Write out, word for word, the line that contains "rewrite -[e in" and each line after it down to the last line of the data below. Include nothing more.

--- Data for this task Enclosed Below ---

(* (Intuitionistic logic.) If every subset of $\mathbb{N}$ is countable and Markov's principle holds, then the law of excluded middle holds.
   Context: A set $X$ is countable if there is a surjection $\mathbb{N} \to X+1$. Markov's principle: for every $f : \mathbb{N} \to \{0,1\}$, $\neg\neg(\exists n \in \mathbb{N}.\, f(n)=1)$ implies $\exists n\in\mathbb{N}.\, f(n) = 1$. The setting is intuitionistic higher-order logic (e.g. the internal language of a topos), where ''every subset of $\mathbb{N}$'' quantifies over the power object of $\mathbb{N}$. *)

(* Subsets of N are predicates nat -> Prop
   (the power object of N), and a subset A is viewed as the type {n | A n}. *)

Definition countable (X : Type) : Prop :=
  exists f : nat -> X + unit, forall y : X + unit, exists n : nat, f n = y.

Definition subset_type (A : nat -> Prop) : Type := { n : nat | A n }.

Definition markov_principle : Prop :=
  forall f : nat -> bool,
    ~ ~ (exists n : nat, f n = true) -> exists n : nat, f n = true.

Definition LEM : Prop := forall P : Prop, P \/ ~ P.


(* A surjection [f : nat -> X + 1] makes inhabitation of [X] semidecidable:
   [X] is inhabited iff [f n] lies in the left summand for some [n].  Markov's
   principle thus makes it ¬¬-stable.  Every proposition [P] is the
   inhabitation of the subset [{n | P}] of [nat], which is countable by
   hypothesis, so ¬¬P -> P holds for all [P], and this is excluded middle. *)

Definition is_inl {X Y : Type} (s : X + Y) : bool :=
  match s with inl _ => true | inr _ => false end.

Lemma countable_inhabited_semidecidable (X : Type) :
  countable X -> exists f : nat -> bool, inhabited X <-> exists n, f n = true.
Proof.
  intros [f f_surj]. exists (fun n => is_inl (f n)). split.
  - intros [x]. destruct (f_surj (inl x)) as [n fn_x].
    exists n. rewrite fn_x. reflexivity.
  - intros [n fn_inl]. destruct (f n) as [x|]; [exact (inhabits x) | discriminate].
Qed.

Lemma markov_countable_inhabited_stable (X : Type) :
  markov_principle -> countable X -> ~ ~ inhabited X -> inhabited X.
Proof.
  intros markov X_countable nn_inhabited.
  destruct (countable_inhabited_semidecidable X X_countable) as [f f_spec].
  apply f_spec, markov. intros no_witness.
  apply nn_inhabited. intros inhabited_X. apply no_witness, f_spec, inhabited_X.
Qed.

Lemma inhabited_subset_type_const (P : Prop) :
  inhabited (subset_type (fun _ => P)) <-> P.
Proof.
  split.
  - intros [[_ p]]. exact p.
  - intros p. exact (inhabits (exist _ 0 p)).
Qed.

Lemma LEM_of_double_negation_elimination :
  (forall P : Prop, ~ ~ P -> P) -> LEM.
Proof.
  intros dne P. apply dne. intros not_em.
  apply not_em. right. intros p. apply not_em. left. exact p.
Qed.

Theorem proposition2p6 :
  (forall A : nat -> Prop, countable (subset_type A)) ->
  markov_principle ->
  LEM.
Proof.
  intros subsets_countable markov.
  apply LEM_of_double_negation_elimination. intros P nnP.
  apply inhabited_subset_type_const.
  apply markov_countable_inhabited_stable;
    [exact markov | apply subsets_countable |].
  intros not_inhabited. apply nnP. intros p.
  apply not_inhabited, inhabited_subset_type_const, p.
Qed.
Definition w_ab (y : L -> seq A -> seq B -> B -> R) (k : K)
  (hA : seq A) (hB : seq B) (a : A) (b : B) : R :=
  if ((size hA).+1 < T)%N then
    sup [set v | exists sig, strat1 sig /\
      v = \sum_(l : L) y l hA hB b *
            cont_payoff (T - (size hA).+1) sig (beh2 q y l) (M k l)
              (rcons hA a) (rcons hB b)]
  else 0.

Definition w_0 (y : L -> seq A -> seq B -> B -> R) (k : K) : R :=
  sup [set v | exists sig, strat1 sig /\
    v = \sum_(l : L) q l * cont_payoff T sig (beh2 q y l) (M k l) [::] [::]].

End Game.

(* After the first stage the
   continuation problems indexed by the public moves (a, b) are independent,
   so grafting near-optimal continuations onto any mixed action of the current
   stage shows that the minimum splits into a one-stage minimum over Delta(B)
   of the immediate payoff plus the continuation values; the reverse
   inequality is immediate.  The continuation problem after (a, b) carries the
   type weights x_{k,h}^a, since multiplying the parent weight by the induced
   behaviour probability gives back the realization plan.  The statements for
   w follow by applying those for u to the game in which the players exchange
   roles and the payoff is negated. *)

From HB Require Import structures.
From mathcomp Require Import all_boot all_order all_algebra.
From mathcomp Require Import classical_sets reals boolp.
From mathcomp Require Import ring zify.
Set Implicit Arguments. Unset Strict Implicit. Unset Printing Implicit Defensive.
Import Order.TTheory GRing.Theory Num.Theory.
Local Open Scope classical_set_scope.
Local Open Scope ring_scope.

Section Simplex.
Variables (R : realType) (C : finType).
Implicit Types (s d : C -> R).

Lemma simplex_le1 s c : in_simplex s -> s c <= 1.
Proof. by case=> s_ge0 <-; rewrite (bigD1 c) //= lerDl sumr_ge0. Qed.

Lemma sumr_uniform (e : R) : (0 < #|C|)%N -> \sum_(c : C) e / #|C|%:R = e.
Proof.
move=> C0; rewrite sumr_const -[_ *+ _]mulr_natr (_ : #|xpredT| = #|C|) //.
by rewrite divfK // pnatr_eq0 -lt0n.
Qed.

Lemma in_simplex_uniform : (0 < #|C|)%N -> in_simplex (fun _ : C => (#|C|%:R : R)^-1).
Proof.
move=> C0; split=> [c|]; first by rewrite invr_ge0 ler0n.
by rewrite -[RHS](sumr_uniform 1 C0); apply: eq_bigr => c _; rewrite mul1r.
Qed.

Lemma min_simplex_le d s : in_simplex s -> min_simplex d <= \sum_c d c * s c.
Proof.
move=> sS; apply: ge_inf; last by exists s.
exists (- \sum_c `|d c|) => _ [s' [s'S ->]]; rewrite -sumrN; apply: ler_sum => c _.
have s'0 := s'S.1 c; have s'1 := simplex_le1 c s'S.
rewrite lerNl -mulNr; apply: le_trans (ler_norm _) _.
by rewrite normrM normrN [`|s' c|]ger0_norm // ler_piMr.
Qed.

Lemma min_simplex_ge d (v : R) : (0 < #|C|)%N ->
  (forall s, in_simplex s -> v <= \sum_c d c * s c) -> v <= min_simplex d.
Proof.
move=> C0 v_le; apply: lb_le_inf => [|_ [s [sS ->]]]; last exact: v_le.
by eexists; exists (fun _ => #|C|%:R^-1); split; [exact: in_simplex_uniform|].
Qed.

Lemma sup_inf_opp (E : set R) : sup E = - inf [set - v | v in E].
Proof.
rewrite /inf opprK; congr sup; apply/seteqP; split => v.
  by move=> Ev; exists (- v); [exists v|rewrite opprK].
by move=> [_ [u Eu <-] <-]; rewrite opprK.
Qed.

Lemma max_simplexE d : max_simplex d = - min_simplex (fun c => - d c).
Proof.
rewrite /max_simplex /min_simplex sup_inf_opp; congr (- inf _).
have sumN s : - \sum_c s c * d c = \sum_c - d c * s c.
  by rewrite -sumrN; apply: eq_bigr => c _; rewrite mulNr mulrC.
apply/seteqP; split => v.
  by move=> [_ [s [sS ->]] <-]; exists s; rewrite sumN.
by move=> [s [sS ->]]; exists (\sum_c s c * d c); [exists s | rewrite sumN].
Qed.

End Simplex.

Section ContinuationPayoff.
Variables (R : realType) (A B : finType).
Implicit Types (sig : seq A -> seq B -> A -> R) (tau : seq A -> seq B -> B -> R).
Implicit Types (m : A -> B -> R) (hA : seq A) (hB : seq B).

Lemma sum_product_simplex (s : A -> R) (t : B -> R) (c : R) :
  in_simplex s -> in_simplex t -> \sum_a \sum_b s a * t b * c = c.
Proof.
move=> [_ s1] [_ t1].
under eq_bigr do rewrite -big_distrl -big_distrr /= t1 mulr1.
by rewrite -big_distrl /= s1 mul1r.
Qed.

Lemma cont_payoff_local n sig tau tau' m hA hB :
  (forall sA sB, tau (hA ++ sA) (hB ++ sB) = tau' (hA ++ sA) (hB ++ sB)) ->
  cont_payoff n sig tau m hA hB = cont_payoff n sig tau' m hA hB.
Proof.
elim: n hA hB => [//|n IH] hA hB tau_eq /=.
have := tau_eq [::] [::]; rewrite !cats0 => ->.
apply: eq_bigr => a _; apply: eq_bigr => b _; congr (_ * (_ + _)).
by apply: IH => sA sB; rewrite !cat_rcons.
Qed.

Lemma cont_payoff_bound N sig tau m :
  (forall hA hB, size hA = size hB -> (size hA < N)%N -> in_simplex (sig hA hB)) ->
  strat2 tau ->
  forall n hA hB, size hA = size hB -> (size hA + n <= N)%N ->
  `|cont_payoff n sig tau m hA hB| <= n%:R * \sum_a \sum_b `|m a b|.
Proof.
move=> sigS tauS; elim=> [|n IH] hA hB hAB hN /=; first by rewrite normr0 mul0r.
have sS : in_simplex (sig hA hB) by apply: sigS => //; lia.
have tS := tauS hA hB.
set C := \sum_a \sum_b `|m a b|.
have stage_le a b : `|sig hA hB a * tau hA hB b *
    (m a b + cont_payoff n sig tau m (rcons hA a) (rcons hB b))|
    <= `|m a b| + sig hA hB a * tau hA hB b * (n%:R * C).
  have st0 : 0 <= sig hA hB a * tau hA hB b := mulr_ge0 (sS.1 a) (tS.1 b).
  have st1 : sig hA hB a * tau hA hB b <= 1.
    by apply: mulr_ile1; [exact: sS.1|exact: tS.1|exact: simplex_le1|exact: simplex_le1].
  rewrite normrM ger0_norm //; apply: le_trans (ler_wpM2l st0 (ler_normD _ _)) _.
  rewrite mulrDr lerD ?ler_piMl //; apply: (ler_wpM2l st0).
  by apply: IH; rewrite ?size_rcons; lia.
apply: le_trans (ler_norm_sum _ _ _) _.
apply: le_trans (ler_sum _ (fun a _ => ler_norm_sum _ _ _)) _.
apply: le_trans (ler_sum _ (fun a _ => ler_sum _ (fun b _ => stage_le a b))) _.
under eq_bigr do rewrite big_split /=.
by rewrite big_split /= sum_product_simplex // -nat1r mulrDl mul1r.
Qed.

Definition uniform_strat2 : seq A -> seq B -> B -> R := fun _ _ _ => #|B|%:R^-1.

Lemma strat2_uniform : (0 < #|B|)%N -> strat2 uniform_strat2.
Proof. by move=> B0 hA hB; apply: in_simplex_uniform. Qed.

(* Play [t0] at [(hA, hB)] itself and [tf a b] after the first moves [(a, b)]. *)
Definition graft_strat2 hA hB (t0 : B -> R)
    (tf : A -> B -> seq A -> seq B -> B -> R) : seq A -> seq B -> B -> R :=
  fun hA' hB' => match drop (size hA) hA', drop (size hB) hB' with
    | a :: _, b :: _ => tf a b hA' hB'
    | _, _ => t0
    end.

Lemma graft_strat2_root hA hB t0 tf : graft_strat2 hA hB t0 tf hA hB = t0.
Proof. by rewrite /graft_strat2 !drop_size. Qed.

Lemma strat2_graft hA hB t0 tf :
  in_simplex t0 -> (forall a b, strat2 (tf a b)) -> strat2 (graft_strat2 hA hB t0 tf).
Proof.
move=> t0S tfS hA' hB'; rewrite /graft_strat2.
case: (drop _ hA') => [|a ?]; first exact: t0S.
by case: (drop _ hB') => [|b ?]; [exact: t0S | exact: tfS].
Qed.

Lemma cont_payoff_graft n sig m hA hB t0 tf a b :
  cont_payoff n sig (graft_strat2 hA hB t0 tf) m (rcons hA a) (rcons hB b) =
  cont_payoff n sig (tf a b) m (rcons hA a) (rcons hB b).
Proof.
apply: cont_payoff_local => sA sB.
by rewrite /graft_strat2 !cat_rcons !drop_size_cat.
Qed.

End ContinuationPayoff.

Arguments uniform_strat2 {R A B}.

Section SecurityValue.
Variables (R : realType) (A B I : finType) (N : nat).
Variables (sig : I -> seq A -> seq B -> A -> R) (m : I -> A -> B -> R).
Hypothesis sig_simplex : forall i hA hB,
  size hA = size hB -> (size hA < N)%N -> in_simplex (sig i hA hB).
Hypothesis B0 : (0 < #|B|)%N.
Implicit Types (w : I -> R) (tau : seq A -> seq B -> B -> R) (hA : seq A) (hB : seq B).

Definition weighted_payoff w n tau hA hB : R :=
  \sum_i w i * cont_payoff n (sig i) tau (m i) hA hB.

Definition security_set w n hA hB : set R :=
  [set v | exists tau, strat2 tau /\ v = weighted_payoff w n tau hA hB].

Definition security_value w n hA hB : R := inf (security_set w n hA hB).

Definition next_weight w hA hB (a : A) : I -> R := fun i => w i * sig i hA hB a.

Definition bellman_payoff w n hA hB : B -> R := fun b =>
  \sum_i \sum_a next_weight w hA hB a i * m i a b +
  \sum_a security_value (next_weight w hA hB a) n (rcons hA a) (rcons hB b).

Lemma security_set_has_inf w n hA hB :
  size hA = size hB -> (size hA + n <= N)%N -> has_inf (security_set w n hA hB).
Proof.
move=> hAB hN; split; first by eexists; exists uniform_strat2; split; [exact: strat2_uniform|].
exists (- \sum_i `|w i| * (n%:R * \sum_a \sum_b `|m i a b|)) => _ [tau [tauS ->]].
rewrite -sumrN; apply: ler_sum => i _; rewrite lerNl -mulNr.
apply: le_trans (ler_norm _) _; rewrite normrM normrN ler_wpM2l //.
exact: (cont_payoff_bound (m i) (sig_simplex i) tauS).
Qed.

Lemma security_value_le w n tau hA hB :
  size hA = size hB -> (size hA + n <= N)%N -> strat2 tau ->
  security_value w n hA hB <= weighted_payoff w n tau hA hB.
Proof.
move=> hAB hN tauS; apply: ge_inf; last by exists tau.
by case: (security_set_has_inf w hAB hN).
Qed.

Lemma security_value0 w hA hB : security_value w 0 hA hB = 0.
Proof.
rewrite /security_value (_ : security_set _ _ _ _ = [set 0]) ?inf1 //.
have payoff0 tau : weighted_payoff w 0 tau hA hB = 0.
  by rewrite /weighted_payoff big1 // => i _; rewrite mulr0.
apply/seteqP; split => v; first by move=> [tau [_ ->]]; rewrite payoff0.
by move=> ->; exists uniform_strat2; rewrite payoff0; split; [exact: strat2_uniform|].
Qed.

Lemma weighted_payoffS w n tau hA hB :
  weighted_payoff w n.+1 tau hA hB =
  \sum_b (\sum_i \sum_a next_weight w hA hB a i * m i a b +
          \sum_a weighted_payoff (next_weight w hA hB a) n tau (rcons hA a) (rcons hB b))
         * tau hA hB b.
Proof.
rewrite /weighted_payoff /next_weight /=.
under [RHS]eq_bigr do
  rewrite (exchange_big _ _ _ _ _ (fun a i => _ * _)) -big_split big_distrl /=.
transitivity (\sum_i \sum_a \sum_b w i * (sig i hA hB a * tau hA hB b *
    (m i a b + cont_payoff n (sig i) tau (m i) (rcons hA a) (rcons hB b)))).
  by apply: eq_bigr => i _; rewrite big_distrr; apply: eq_bigr => a _; rewrite big_distrr.
rewrite exchange_big [RHS]exchange_big; apply: eq_bigr => a _ /=.
rewrite exchange_big; apply: eq_bigr => b _ /=.
by rewrite -big_split big_distrl /=; apply: eq_bigr => i _; ring.
Qed.

Lemma bellman_le_security_value w n hA hB :
  size hA = size hB -> (size hA + n.+1 <= N)%N ->
  min_simplex (bellman_payoff w n hA hB) <= security_value w n.+1 hA hB.
Proof.
move=> hAB hN; apply: lb_le_inf; first by case: (security_set_has_inf w hAB hN).
move=> _ [tau [tauS ->]]; rewrite weighted_payoffS.
apply: le_trans (min_simplex_le _ (tauS hA hB)) _.
apply: ler_sum => b _; apply: ler_wpM2r; first exact: (tauS hA hB).1.
rewrite lerD2l; apply: ler_sum => a _.
by apply: (security_value_le _ _ _ tauS); rewrite !size_rcons; lia.
Qed.

Lemma security_value_le_bellman w n hA hB : (0 < #|A|)%N ->
  size hA = size hB -> (size hA + n.+1 <= N)%N ->
  security_value w n.+1 hA hB <= min_simplex (bellman_payoff w n hA hB).
Proof.
move=> A0 hAB hN; apply: min_simplex_ge => // t0 t0S; apply/ler_addgt0Pr => e e0.
pose eA := e / #|A|%:R.
have eA0 : 0 < eA by rewrite divr_gt0 ?ltr0n.
pose next a := next_weight w hA hB a.
have near_opt (ab : A * B) : exists tau, strat2 tau /\
    weighted_payoff (next ab.1) n tau (rcons hA ab.1) (rcons hB ab.2)
    < security_value (next ab.1) n (rcons hA ab.1) (rcons hB ab.2) + eA.
  have hAB' : size (rcons hA ab.1) = size (rcons hB ab.2) by rewrite !size_rcons hAB.
  have hN' : (size (rcons hA ab.1) + n <= N)%N by rewrite size_rcons; lia.
  have [_ [tau [tauS ->]] lt] := inf_adherent eA0 (security_set_has_inf (next ab.1) hAB' hN').
  by exists tau.
have [tf tfP] := choice near_opt.
pose tau := graft_strat2 hA hB t0 (fun a b => tf (a, b)).
have tauS : strat2 tau by apply: strat2_graft => // a b; exact: (tfP (a, b)).1.
apply: le_trans (security_value_le w hAB hN tauS) _.
rewrite weighted_payoffS /tau graft_strat2_root.
(* Spread [e] over the stage as [\sum_b t0 b * \sum_a eA]. *)
rewrite -[e in X in _ <= X](mulr1 e) -t0S.2 mulr_sumr -big_split /=.
apply: ler_sum => b _; rewrite -mulrDl; apply: ler_wpM2r; first exact: t0S.1.
rewrite /bellman_payoff -addrA lerD2l -(sumr_uniform e A0) -big_split /=.
apply: ler_sum => a _; rewrite /weighted_payoff.
under eq_bigr do rewrite cont_payoff_graft.
exact: ltW (tfP (a, b)).2.
Qed.

Lemma security_valueS w n hA hB : (0 < #|A|)%N ->
  size hA = size hB -> (size hA + n.+1 <= N)%N ->
  security_value w n.+1 hA hB = min_simplex (bellman_payoff w n hA hB).
Proof.
move=> A0 hAB hN; apply/le_anti/andP; split.
  exact: security_value_le_bellman.
exact: bellman_le_security_value.
Qed.

End SecurityValue.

--- End of Enclosed Data for this task ---

[Final answer]
rewrite -[e in X in _ <= X](mulr1 e) -t0S.2 mulr_sumr -big_split /=.
apply: ler_sum => b _; rewrite -mulrDl; apply: ler_wpM2r; first exact: t0S.1.
rewrite /bellman_payoff -addrA lerD2l -(sumr_uniform e A0) -big_split /=.
apply: ler_sum => a _; rewrite /weighted_payoff.
under eq_bigr do rewrite cont_payoff_graft.
exact: ltW (tfP (a, b)).2.
Qed.

Lemma security_valueS w n hA hB : (0 < #|A|)%N ->
  size hA = size hB -> (size hA + n.+1 <= N)%N ->
  security_value w n.+1 hA hB = min_simplex (bellman_payoff w n hA hB).
Proof.
move=> A0 hAB hN; apply/le_anti/andP; split.
  exact: security_value_le_bellman.
exact: bellman_le_security_value.
Qed.

End SecurityValue.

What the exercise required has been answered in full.